Кто-то однажды подарил ему американский зонтик — один из тех, которые в плотно свернутом виде размером с трость. Он был в восторге от него и использовал его как трость. Однажды, выходя из студии с другом и спеша к стоянке кэбов в нескольких кварталах, начал накрапывать дождь, и его друг, у которого не было зонтика, сказал:

«Поторапливайся и раскрой зонтик, а то мы намочим шляпы».

Он секунду повозился с зонтиком, затем поспешил дальше.

«Но я намочу свой зонтик».

Обычно говорили, что Уистлер неприступен. В своей студии, когда он за работой, — да; дома — нет.

Рекомендательное письмо от любого одобренного корреспондента почти неизменно приносило благоприятный ответ. Но не каждый корреспондент был одобрен; или если был таковым в одно время, то не обязательно оставался им бесконечно, и записка из неверного — возможно, обиженного — источника не была никакой рекомендацией вовсе.
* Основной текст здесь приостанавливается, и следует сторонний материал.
(* Let $k\ge1$ and $D_k=3k^2+3k+1$. Let $\Delta_1,\Delta_2$ be two copies of $T_{D_k}$ compatible with $P_k$ (each being either $c+V(T_{D_k})$ or $c-V(T_{D_k})$ with $c\in P_k$) which share exactly one side and have disjoint interiors. Then the number of points of $P_k$ that are at distance at most $k$ in $T_\infty$ from both $\Delta_1$ and $\Delta_2$ (i.e., counted in the local counts of both copies) is $2k+2$.
   Context: Let $\alpha_1=(1,0)$ and $\alpha_2=(-\tfrac12,\tfrac{\sqrt3}{2})$. The triangular lattice $T_\infty$ is the infinite graph with vertex set $\{a\alpha_1+b\alpha_2 : a,b\in\mathbb Z\}$, two vertices being adjacent iff their Euclidean distance is $1$; distances are graph distances, and the distance from a point to a vertex set is the minimum distance to its elements (zero for points of the set). For $d\ge0$, $V(T_d)=\{a\alpha_1+b\alpha_2 : 0\le b\le a\le d\}$ and $-V(T_d)$ is its point reflection. For $k\ge 1$, let $D_k=3k^2+3k+1$ and let $P_k$ (the pattern $P_{k+1,1}$) be the sublattice $\{x\,u+y\,v : x,y\in\mathbb Z\}$, where $u=(2k+1)\alpha_1+k\alpha_2$ and $v=(k+1)\alpha_1+(2k+1)\alpha_2$. *)

From Stdlib Require Import ZArith Reals List.
Open Scope Z_scope.

(* A lattice point (a,b) stands for a*alpha1 + b*alpha2. *)
Definition pt := (Z * Z)%type.

(* Squared Euclidean norm of a*alpha1 + b*alpha2 is a^2 - a b + b^2
   (alpha1.alpha1 = alpha2.alpha2 = 1, alpha1.alpha2 = -1/2). *)
Definition sqnorm (a b : Z) : Z := a * a - a * b + b * b.

Definition adj (p q : pt) : Prop :=
  sqnorm (fst q - fst p) (snd q - snd p) = 1.

Fixpoint within (n : nat) (p q : pt) : Prop :=
  p = q \/ match n with
           | O => False
           | S m => exists r, adj p r /\ within m r q
           end.

Definition Dk (k : nat) : Z := let z := Z.of_nat k in 3 * z * z + 3 * z + 1.

(* The pattern P_k = { x u + y v } with u = (2k+1) alpha1 + k alpha2,
   v = (k+1) alpha1 + (2k+1) alpha2. *)
Definition inP (k : nat) (p : pt) : Prop :=
  let z := Z.of_nat k in
  exists x y : Z,
    p = (x * (2 * z + 1) + y * (z + 1), x * z + y * (2 * z + 1)).

(* A copy of T_d: base point c and orientation; up = true means c + V(T_d),
   up = false means c - V(T_d). *)
Record tri := Tri { tc : pt ; tup : bool }.

Definition sgn (t : tri) : Z := if tup t then 1 else -1.

Definition inTri (d : Z) (t : tri) (p : pt) : Prop :=
  exists a b : Z, 0 <= b /\ b <= a /\ a <= d /\
    p = (fst (tc t) + sgn t * a, snd (tc t) + sgn t * b).

Definition compatible (k : nat) (t : tri) : Prop := inP k (tc t).

Definition corner (d : Z) (t : tri) (p : pt) : Prop :=
  p = tc t \/
  p = (fst (tc t) + sgn t * d, snd (tc t)) \/
  p = (fst (tc t) + sgn t * d, snd (tc t) + sgn t * d).

Definition isSide (d : Z) (t : tri) (p q : pt) : Prop :=
  corner d t p /\ corner d t q /\ p <> q.

Definition share_exactly_one_side (d : Z) (t1 t2 : tri) : Prop :=
  (exists p q, isSide d t1 p q /\ isSide d t2 p q) /\
  (forall p q p' q',
      isSide d t1 p q -> isSide d t2 p q ->
      isSide d t1 p' q' -> isSide d t2 p' q' ->
      (p = p' /\ q = q') \/ (p = q' /\ q = p')).

(* Interior of the (real, closed) triangle t of side d: a real point with
   coordinates (x,y) w.r.t. (alpha1, alpha2); writing (a,b) = sgn*((x,y)-c),
   the closed triangle is 0 <= b <= a <= d and its interior 0 < b < a < d. *)
Definition inInterior (d : Z) (t : tri) (x y : R) : Prop :=
  let a := (IZR (sgn t) * (x - IZR (fst (tc t))))%R in
  let b := (IZR (sgn t) * (y - IZR (snd (tc t))))%R in
  (0 < b /\ b < a /\ a < IZR d)%R.

Definition disjoint_interiors (d : Z) (t1 t2 : tri) : Prop :=
  forall x y : R, ~ (inInterior d t1 x y /\ inInterior d t2 x y).

Definition near (k : nat) (d : Z) (t : tri) (p : pt) : Prop :=
  exists v, inTri d t v /\ within k p v.

(* Graph distance in the triangular lattice is the hexagonal norm
   max(|a|, |b|, |a - b|) of the difference of coordinates, so the points at
   distance at most k from a copy of T_d form a hexagon cut out by six linear
   inequalities.  Two copies sharing exactly one side have opposite
   orientations, and the second one sits in one of three positions relative to
   the first.  Writing a pattern point as c + m u + n v, with c the base point
   of the upward copy, the two hexagons confine one linear form in (m, n) to
   two consecutive values and a second, independent one to k + 1 consecutive
   values; so the common points form a strip a + i s + j e with 0 <= i <= k
   and j in {0, 1}, which has 2(k + 1) points. *)
From Stdlib Require Import ZArith Reals List Lia.
Open Scope Z_scope.

Definition vadd (p q : pt) : pt := (fst p + fst q, snd p + snd q).
Definition vsub (p q : pt) : pt := (fst p - fst q, snd p - snd q).

Definition lincomb (u v : pt) (x y : Z) : pt :=
  (x * fst u + y * fst v, x * snd u + y * snd v).

Definition det (u v : pt) : Z := fst u * snd v - snd u * fst v.

Lemma lincomb_injective u v x y x' y' : det u v <> 0 ->
  lincomb u v x y = lincomb u v x' y' -> x = x' /\ y = y'.
Proof.
  unfold lincomb, det; intros Hdet E; apply pair_equal_spec in E as [E1 E2].
  assert (Ex : (x - x') * (fst u * snd v - snd u * fst v) = 0).
  { transitivity ((x * fst u + y * fst v - (x' * fst u + y' * fst v)) * snd v
                  - (x * snd u + y * snd v - (x' * snd u + y' * snd v)) * fst v); [ring |].
    rewrite E1, E2; ring. }
  assert (Ey : (y - y') * (fst u * snd v - snd u * fst v) = 0).
  { transitivity ((x * snd u + y * snd v - (x' * snd u + y' * snd v)) * fst u
                  - (x * fst u + y * fst v - (x' * fst u + y' * fst v)) * snd u); [ring |].
    rewrite E1, E2; ring. }
  apply Z.mul_eq_0 in Ex, Ey; lia.
Qed.

Lemma NoDup_list_prod {A B : Type} (l : list A) (l' : list B) :
  NoDup l -> NoDup l' -> NoDup (list_prod l l').
Proof.
  intros Hl Hl'; induction Hl as [| x l Hx Hl IH]; cbn; [constructor |].
  apply NoDup_app; [| exact IH |].
  - apply NoDup_map_NoDup_ForallPairs; [| exact Hl'].
    intros y y' _ _ E; injection E; auto.
  - intros [x' y] Hin Hin'; apply in_map_iff in Hin as (y' & E & _); injection E as <- _.
    apply in_prod_iff in Hin' as [Hx' _]; contradiction.
Qed.

Ltac split_pairs :=
  unfold pt in *;
  repeat match goal with
  | H : context [@pair _ _ _ _ = @pair _ _ _ _] |- _ => rewrite pair_equal_spec in H
  | |- context [@pair _ _ _ _ = @pair _ _ _ _] => rewrite pair_equal_spec
  end.

Definition hexball (n a b : Z) : Prop :=
  -n <= a <= n /\ -n <= b <= n /\ -n <= a - b <= n.

Lemma sqnorm_eq1_hexball a b : sqnorm a b = 1 -> hexball 1 a b.
Proof. unfold sqnorm, hexball; intros H; repeat split; nia. Qed.

Lemma hexball_step n a b : ~ (a = 0 /\ b = 0) -> hexball (n + 1) a b ->
  exists e f, sqnorm e f = 1 /\ hexball n (a - e) (b - f).
Proof.
  unfold hexball; intros Hab H.
  destruct (Z.lt_trichotomy a 0) as [Ha | [Ha | Ha]];
    destruct (Z.lt_trichotomy b 0) as [Hb | [Hb | Hb]].
  - exists (-1), (-1); split; [reflexivity | lia].
  - exists (-1), 0; split; [reflexivity | lia].
  - exists (-1), 0; split; [reflexivity | lia].
  - exists 0, (-1); split; [reflexivity | lia].
  - lia.
  - exists 0, 1; split; [reflexivity | lia].
  - exists 1, 0; split; [reflexivity | lia].
  - exists 1, 0; split; [reflexivity | lia].
  - exists 1, 1; split; [reflexivity | lia].
Qed.

Lemma within_hexball n p q :
  within n p q <-> hexball (Z.of_nat n) (fst q - fst p) (snd q - snd p).
Proof.
  revert p; induction n as [| n IH]; intros [p1 p2]; destruct q as [q1 q2];
    cbn [within fst snd].
  - unfold hexball; split; [intros [E | []]; injection E; lia |].
    intros H; left; f_equal; lia.
  - rewrite Nat2Z.inj_succ; split.
    + intros [E | [[r1 r2] [Hr Hw]]]; [injection E; unfold hexball; lia |].
      apply IH in Hw; apply sqnorm_eq1_hexball in Hr; cbn in *; unfold hexball in *; lia.
    + intros H.
      assert (E : (p1 = q1 /\ p2 = q2) \/ ~ (q1 - p1 = 0 /\ q2 - p2 = 0)) by lia.
      destruct E as [[<- <-] | E]; [left; reflexivity | right].
      rewrite <- Z.add_1_r in H.
      destruct (hexball_step _ _ _ E H) as (e & f & Hu & Hs).
      exists (p1 + e, p2 + f); split.
      * unfold adj; cbn; rewrite <- Hu; f_equal; ring.
      * apply IH; cbn; unfold hexball in *; lia.
Qed.

(* Points at distance at most n from {(a, b) | 0 <= b <= a <= d}. *)
Definition in_tri_nbhd (n d x y : Z) : Prop :=
  -n <= x <= d + n /\ -n <= y <= d + n /\ -n <= x - y <= d + n.

Lemma sgn_cases t : sgn t = 1 \/ sgn t = -1.
Proof. unfold sgn; destruct (tup t); auto. Qed.

Lemma near_iff k d t p : 0 <= d ->
  near k d t p <->
  in_tri_nbhd (Z.of_nat k) d (sgn t * (fst p - fst (tc t))) (sgn t * (snd p - snd (tc t))).
Proof.
  intros Hd; unfold near, inTri, in_tri_nbhd.
  destruct p as [p1 p2], (tc t) as [c1 c2]; cbn [fst snd].
  pose proof (sgn_cases t) as Hs; set (s := sgn t) in *; clearbody s.
  set (x := s * (p1 - c1)); set (y := s * (p2 - c2)).
  assert (Hp : p1 = c1 + s * x /\ p2 = c2 + s * y)
    by (subst x y; destruct Hs as [-> | ->]; lia).
  clearbody x y; destruct Hp as [-> ->].
  split.
  - intros (v & (a & b & Hb & Hba & Ha & ->) & Hw).
    apply within_hexball in Hw; unfold hexball in Hw; cbn in Hw.
    destruct Hs as [-> | ->]; lia.
  - intros H.
    (* the nearest vertex clamps (x, y) into the triangle *)
    set (a := Z.min (Z.max x 0) d); set (b := Z.min (Z.max y 0) a).
    exists (c1 + s * a, c2 + s * b); split.
    + exists a, b; split; [| split; [| split]]; [subst a b; lia .. | reflexivity].
    + apply within_hexball; unfold hexball; cbn; subst a b.
      destruct Hs as [-> | ->]; lia.
Qed.

Definition common_nbhd (n d : Z) (o p : pt) : Prop :=
  in_tri_nbhd n d (fst p) (snd p) /\ in_tri_nbhd n d (fst o - fst p) (snd o - snd p).

Lemma near_up_down_iff k d tu td p : 0 <= d -> tup tu = true -> tup td = false ->
  near k d tu p /\ near k d td p <->
  common_nbhd (Z.of_nat k) d (vsub (tc td) (tc tu)) (vsub p (tc tu)).
Proof.
  intros Hd Hu Hdown; rewrite !near_iff by exact Hd.
  unfold sgn, common_nbhd, in_tri_nbhd, vsub; rewrite Hu, Hdown; cbn [fst snd].
  split; intros H; lia.
Qed.

(* The down copy c' - V(T_d) shares a side with the up copy c + V(T_d) iff
   c' - c is one of these vectors (bottom, right and diagonal side). *)
Definition side_offset (d : Z) (o : pt) : Prop :=
  o = (d, 0) \/ o = (2 * d, d) \/ o = (d, d).

Lemma isSide_common d t1 t2 p q : 0 < d -> isSide d t1 p q -> isSide d t2 p q ->
  tc t1 = tc t2 /\ tup t1 = tup t2 \/
  tup t1 = true /\ tup t2 = false /\ side_offset d (vsub (tc t2) (tc t1)) \/
  tup t1 = false /\ tup t2 = true /\ side_offset d (vsub (tc t1) (tc t2)).
Proof.
  destruct t1 as [[a1 b1] []], t2 as [[a2 b2] []], p as [p1 p2], q as [q1 q2];
    unfold isSide, corner, side_offset, sgn, vsub; cbn [tc tup fst snd];
    intros Hd [Hp1 [Hq1 Hpq]] [Hp2 [Hq2 _]]; split_pairs;
    [left; split; [| reflexivity] | right; left; do 2 (split; [reflexivity |])
    | right; right; do 2 (split; [reflexivity |]) | left; split; [| reflexivity]];
    destruct Hp1 as [Hp1 | [Hp1 | Hp1]], Hq1 as [Hq1 | [Hq1 | Hq1]];
    destruct Hp2 as [Hp2 | [Hp2 | Hp2]], Hq2 as [Hq2 | [Hq2 | Hq2]]; lia.
Qed.

Lemma not_share_one_side_self d t : 0 < d -> ~ share_exactly_one_side d t t.
Proof.
  intros Hd [_ Huniq]; destruct t as [[c1 c2] u].
  set (t := Tri (c1, c2) u).
  assert (Hs : sgn t * d <> 0) by (destruct (sgn_cases t) as [-> | ->]; lia).
  assert (H1 : isSide d t (c1, c2) (c1 + sgn t * d, c2)).
  { split; [left | split; [right; left |]]; try reflexivity; split_pairs; lia. }
  assert (H2 : isSide d t (c1, c2) (c1 + sgn t * d, c2 + sgn t * d)).
  { split; [left | split; [right; right |]]; try reflexivity; split_pairs; lia. }
  destruct (Huniq _ _ _ _ H1 H1 H2 H2) as [[_ E] | [E _]]; split_pairs; lia.
Qed.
В целом, откровенная просьба от незнакомца о разрешении зайти была столь же вероятна, как и не вероятна, чтобы оказаться успешной, такая записка сама по себе была данью уважения.

Но в студии все было совсем иначе. У него не было приемных дней или часов, как у многих художников. У него не было нужды в социальной толпе в его мастерской.

Однажды теплым днем, когда он был занят работой, раздался звонок. С кистью в руке он подошел к внешней двери в верхней части шести пролетов крутых, скользких дубовых лестниц и обнаружил там мистера С——, которого знал — человека, у которого было мало дел, кроме как беспокоить других, — и леди Д——, выдающуюся и умную женщину, оба запыхавшиеся от долгого подъема.

«Ах! Мой дорогой мистер Уистлер, — протянул С——, — я взял на себя смелость привести леди Д—— повидаться с вами. Я знал, что вы будете в восторге».

«В восторге! Я уверен; совершенно невыразимо; но, — таинственно и удерживая дверь так, чтобы преградить им вход, — моя дорогая леди Д——, я никогда не простил бы нашему другу за то, что он заставил вас подняться на шесть пролетов лестницы в такой жаркий день, чтобы посетить студию в один из тех — э-э — языческих моментов, когда, — и он украдкой оглянулся назад и еще плотнее закрыл дверь, — даме абсолютно невозможно быть принятой. Клянусь душой, я бы никогда не простил его».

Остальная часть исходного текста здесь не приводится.